Tonight I looked down and watched as hundreds of people who once were in darkness had a small flame passed to them by their neighbor. And slowly, it filled the room. The house lights were shut off but I could hardly tell. For the moment, everyone was free from darkness and were joined in singing Silent Night. This light they carried was a candle, but as we celebrated our Savior’s birth it stood, like the star, for His presence in our lives. This light, not glowing from anything we’ve done, not because of our status or background, but for our present and our future, shines to give us a hope not attached to anything here. This light, when held aloft as our identity, our soul source of joy and peace, spreads, for each one of us has a wick.

At one point we shared an identity greater than our own, greater than anything that can be done by a crowd of any size. We were sharing in the joy of the magi, the fulfillment of the prophets, the worship of angelic hosts and as a result, all our darkness was as chaff. This light, this small candle began to represent for me something much more than a stick of wax with some string in it, it was Jesus in us shining His light to this darkened world regardless of our darkened selves. We become illumined not because of us, but because we agreed to believe that He came for us.

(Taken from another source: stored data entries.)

(* Let $\mathbb{H}$ be a finite dimensional real Hilbert space, $\epsilon\in[0,1)$, and $T\in\mathbb{B}(\mathbb{H})$. Then for any $A\in\mathbb{B}(\mathbb{H})$, $T\perp_B^{\epsilon}A$ if and only if $|\langle Tx,Ax\rangle|\le\epsilon\|T\|\|A\|$ for some $x\in M_T$. Moreover, if $M_T\subseteq M_A$, then $T\perp_B^{\epsilon}A$ if and only if $Tx\perp^{\epsilon}Ax$ for some $x\in M_T$.
   Context: $M_T=\{x\in\mathbb{H}:\|x\|=1,\ \|Tx\|=\|T\|\}$. For $\epsilon\in[0,1)$ and $u,v$ in a normed space, $u\perp_B^{\epsilon}v$ means $\|u+\lambda v\|^2\ge\|u\|^2-2\epsilon\|u\|\|\lambda v\|$ for all $\lambda\in\mathbb{R}$ (operators are taken with the operator norm). In an inner product space, $x\perp^{\epsilon}y$ means $|\langle x,y\rangle|\le\epsilon\|x\|\|y\|$. *)

(* The finite-dimensional real Hilbert space H is modelled as R^n (n >= 1)
   with the standard inner product; vectors are nat -> R (only coordinates
   0..n-1 matter), bounded operators are n x n real matrices (nat -> nat -> R,
   only entries with indices < n matter), acting by matrix-vector product. *)
From Stdlib Require Import Reals Lra ClassicalEpsilon.
Open Scope R_scope.

Definition vec := nat -> R.
Definition mat := nat -> nat -> R.

Fixpoint rsum (n : nat) (f : nat -> R) : R :=
  match n with O => 0 | S k => rsum k f + f k end.

Definition inner (n : nat) (x y : vec) : R := rsum n (fun i => x i * y i).
Definition vnorm (n : nat) (x : vec) : R := sqrt (inner n x x).

Definition app (n : nat) (T : mat) (x : vec) : vec :=
  fun i => rsum n (fun j => T i j * x j).

Definition madd (T A : mat) : mat := fun i j => T i j + A i j.
Definition mscale (l : R) (A : mat) : mat := fun i j => l * A i j.

Definition opnorm (n : nat) (T : mat) : R :=
  epsilon (inhabits 0)
    (fun r => is_lub (fun y => exists x : vec, vnorm n x = 1 /\ y = vnorm n (app n T x)) r).

Definition MT (n : nat) (T : mat) (x : vec) : Prop :=
  vnorm n x = 1 /\ vnorm n (app n T x) = opnorm n T.

Definition BJ_eps (n : nat) (eps : R) (T A : mat) : Prop :=
  forall l : R,
    opnorm n (madd T (mscale l A)) ^ 2
      >= opnorm n T ^ 2 - 2 * eps * opnorm n T * opnorm n (mscale l A).

Definition iperp_eps (n : nat) (eps : R) (x y : vec) : Prop :=
  Rabs (inner n x y) <= eps * vnorm n x * vnorm n y.

(* Testing [|T + l A|] on a unit vector [x] with [|Tx| = |T|] gives
   [|T + l A|^2 >= |T|^2 + 2 l <Tx, Ax>], which yields the backward direction.
   Conversely, if [T] is eps-orthogonal to [A], unit vectors that almost maximise
   [|(T + t A) x|] accumulate, as [t -> 0+], at some [x+] in M_T with
   [<Tx+, Ax+> >= - eps |T| |A|]; applied to [-A] this gives [x-] in M_T with
   [<Tx-, Ax-> <= eps |T| |A|].  If neither point works, [<Tx, Ax>] takes both signs on
   M_T.  But M_T is the unit sphere of the subspace on which the positive semidefinite
   form [|T|^2 |x|^2 - |Tx|^2] vanishes, and [<Tx, Ax>] is even, so the intermediate
   value theorem on a segment produces a zero of [<Tx, Ax>] on M_T.  When M_T is
   contained in M_A, [|Tx| = |T|] and [|Ax| = |A|] turn the first statement into the
   second. *)

From Stdlib Require Import Reals Lra Lia Psatz Ranalysis ClassicalEpsilon FunctionalExtensionality.
Open Scope R_scope.
Lemma canon_andb_forallb v0 w q : (2 <= length w)%nat ->
  canon (v0 :: w) && forallb q (v0 :: w) =
  q v0 && (nodupb w && forallb (fun v => q v && Nat.ltb v0 v) w
           && Nat.ltb (hd 0%nat w) (last w 0%nat)).
Proof.
  intros Hl. destruct w as [|b w]; [simpl in Hl; lia|].
  unfold canon. replace (Nat.leb 3 (length (v0 :: b :: w))) with true
    by (symmetry; apply Nat.leb_le; simpl in *; lia).
  change (nodupb (v0 :: b :: w)) with (negb (existsb (Nat.eqb v0) (b :: w)) && nodupb (b :: w)).
  change (forallb q (v0 :: b :: w)) with (q v0 && forallb q (b :: w)).
  replace (forallb (fun v => q v && Nat.ltb v0 v) (b :: w))
    with (forallb q (b :: w) && forallb (fun v => Nat.ltb v0 v) (b :: w))
    by (rewrite forallb_andb; reflexivity).
  change (hd 0%nat (b :: w)) with b.
  destruct (forallb (fun v => Nat.ltb v0 v) (b :: w)) eqn:E.
  - replace (negb (existsb (Nat.eqb v0) (b :: w))) with true.
    + destruct (q v0), (nodupb (b :: w)), (forallb q (b :: w)), (Nat.ltb b _); reflexivity.
    + symmetry. apply notin_spec. intro Hin. rewrite forallb_forall in E.
      apply E, Nat.ltb_lt in Hin. lia.
  - destruct (q v0), (negb _), (nodupb (b :: w)), (forallb q (b :: w)), (Nat.ltb b _);
    reflexivity.
Qed.

(* A canonical cycle word is its minimal vertex followed by an injective word
   on the larger vertices with [hd < last]. *)
Lemma count_canonical_words n l q : (3 <= l)%nat ->
  rsum (fun w => indic (canon w && forallb q w)) (words n l)
  = falling (count_lt n q) l / (2 * INR l).
Proof.
  intros Hl. destruct l as [|m]; [lia|].
  rewrite rsum_words_S.
  rewrite (rsum_ext_in _ (fun v0 => indic (q v0) *
             falling (count_lt n (fun v => q v && Nat.ltb v0 v)) m * / 2)).
  - rewrite rsum_scal_r, falling_hockey_stick. field. apply not_0_INR; lia.
  - intros v0 _. rewrite Rmult_assoc.
    change (falling ?x m * / 2) with (falling x m / 2).
    rewrite <- count_injective_words_hd_lt_last, <- rsum_scal by lia.
    apply rsum_ext_in; intros w Hw. apply in_words in Hw as [Hw _].
    rewrite canon_andb_forallb, indic_andb by lia. reflexivity.
Qed.

Lemma canon_spec c : canon c = true -> NoDup c /\ (3 <= length c)%nat.
Proof.
  destruct c as [|a [|b l]]; try discriminate. unfold canon.
  rewrite !andb_true_iff, Nat.leb_le, nodupb_spec. tauto.
Qed.

Lemma in_cycles n c : In c (cycles n) -> canon c = true /\ (forall x, In x c -> (x < n)%nat).
Proof.
  unfold cycles. intro H. apply in_flat_map in H as [k [_ H]].
  apply filter_In in H as [H Hc]. apply in_words in H as [_ Hx]. auto.
Qed.

Lemma rsum_cycles n f : rsum f (cycles n) =
  rsum (fun k => rsum (fun w => indic (canon w) * f w) (words n k)) (seq 3 (n - 2)).
Proof.
  unfold cycles. rewrite rsum_flat_map. apply rsum_ext; intro k.
  rewrite rsum_filter. apply rsum_ext; intro w. destruct (canon w); unfold indic; ring.
Qed.

Lemma disjointb_spec c w : disjointb c w = true <-> (forall v, In v c -> ~ In v w).
Proof.
  unfold disjointb. rewrite forallb_forall.
  split; intros H v Hv; apply notin_spec; auto.
Qed.

Lemma disjointb_comm c w : disjointb c w = disjointb w c.
Proof.
  apply eq_true_iff_eq. rewrite !disjointb_spec.
  split; intros H v Hv Hv'; eapply H; eauto.
Qed.

Lemma count_lt_in n c : NoDup c -> (forall x, In x c -> (x < n)%nat) ->
  count_lt n (fun v => existsb (Nat.eqb v) c) = INR (length c).
Proof.
  induction c as [|a c IH]; intros Hnd Hx.
  - unfold count_lt, indic. simpl. apply rsum_zero.
  - apply NoDup_cons_iff in Hnd as [Ha Hnd]. unfold count_lt in *.
    rewrite (rsum_ext _ (fun v => (if Nat.eqb v a then 1 else 0)
                                  + indic (existsb (Nat.eqb v) c))).
    + rewrite rsum_plus, rsum_seq_delta, IH by (simpl in Hx; auto).
      cbn [length]. rewrite S_INR; ring.
    + intro v. simpl existsb. destruct (Nat.eqb_spec v a) as [->|]; simpl; [|ring].
      replace (existsb (Nat.eqb a) c) with false by (symmetry; apply negb_true_iff, notin_spec, Ha).
      unfold indic; ring.
Qed.

Lemma count_lt_notin n c : NoDup c -> (forall x, In x c -> (x < n)%nat) ->
  count_lt n (fun v => negb (existsb (Nat.eqb v) c)) = INR n - INR (length c).
Proof.
  intros Hnd Hx. rewrite <- (count_lt_in n c Hnd Hx). unfold count_lt.
  rewrite (rsum_ext _ (fun v => 1 - indic (existsb (Nat.eqb v) c))).
  - rewrite rsum_minus, rsum_const, length_seq; ring.
  - intro v; destruct (existsb (Nat.eqb v) c); unfold indic; simpl; ring.
Qed.

Lemma sum_length_disjoint_cycles n c : NoDup c -> (forall x, In x c -> (x < n)%nat) ->
  rsum (fun c' => indic (disjointb c c') * INR (length c')) (cycles n) =
  rsum (fun l => falling (INR n - INR (length c)) l / 2) (seq 3 (n - 2)).
Proof.
  intros Hnd Hx. rewrite rsum_cycles. apply rsum_ext_in; intros l Hl. apply in_seq in Hl.
  rewrite (rsum_ext_in _ (fun w => INR l *
             indic (canon w && forallb (fun v => negb (existsb (Nat.eqb v) c)) w))).
  - rewrite rsum_scal, count_canonical_words, count_lt_notin by (auto; lia).
    field. apply not_0_INR; lia.
  - intros w Hw. apply in_words in Hw as [Hw _].
    rewrite Hw, disjointb_comm, indic_andb. unfold disjointb. ring.
Qed.

Lemma sum_length_disjoint_cycle_pairs n :
  rsum (fun c => rsum (fun c' => indic (disjointb c c') * (INR (length c) * INR (length c')))
                   (cycles n)) (cycles n) =
  rsum (fun k => rsum (fun l => falling (INR n) k * falling (INR n - INR k) l / 4)
                   (seq 3 (n - 2))) (seq 3 (n - 2)).
Proof.
  rewrite rsum_cycles. apply rsum_ext_in; intros k Hk. apply in_seq in Hk.
  rewrite (rsum_ext_in _ (fun w => INR k *
             rsum (fun l => falling (INR n - INR k) l / 2) (seq 3 (n - 2))
             * indic (canon w && forallb (fun _ => true) w))).
  - rewrite rsum_scal, count_canonical_words by lia.
    replace (count_lt n (fun _ => true)) with (INR n)
      by (unfold count_lt, indic; rewrite rsum_const, length_seq; ring).
    rewrite <- rsum_scal, <- rsum_scal_r. apply rsum_ext; intro l.
    field. apply not_0_INR; lia.
  - intros w Hw. apply in_words in Hw as [Hl Hx].
    replace (forallb (fun _ => true) w) with true by (symmetry; apply forallb_forall; auto).
    rewrite andb_true_r.
    destruct (canon w) eqn:Ec; [|unfold indic; ring].
    apply canon_spec in Ec as [Hnd _].
    rewrite (rsum_ext _ (fun c' => INR (length w) * (indic (disjointb w c') * INR (length c'))))
      by (intros; ring).
    rewrite rsum_scal, sum_length_disjoint_cycles, Hl by auto. unfold indic; ring.
Qed.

What would it be like to live humbly knowing that our achievements here, no matter how great, will always pale in comparison to what has been done for us and the greatest thing we could ever do is acknowledge it?

The moment passed and it was time to blow out our candles. On the count of three we did. It was startling how drastic the darkness was, and without that small flame, that is all we will ever have. This little light of mine, I’m gonna let it shine… hide it under a bushel, no! Won’t let Satan pff it out… I’m gonna let it shine.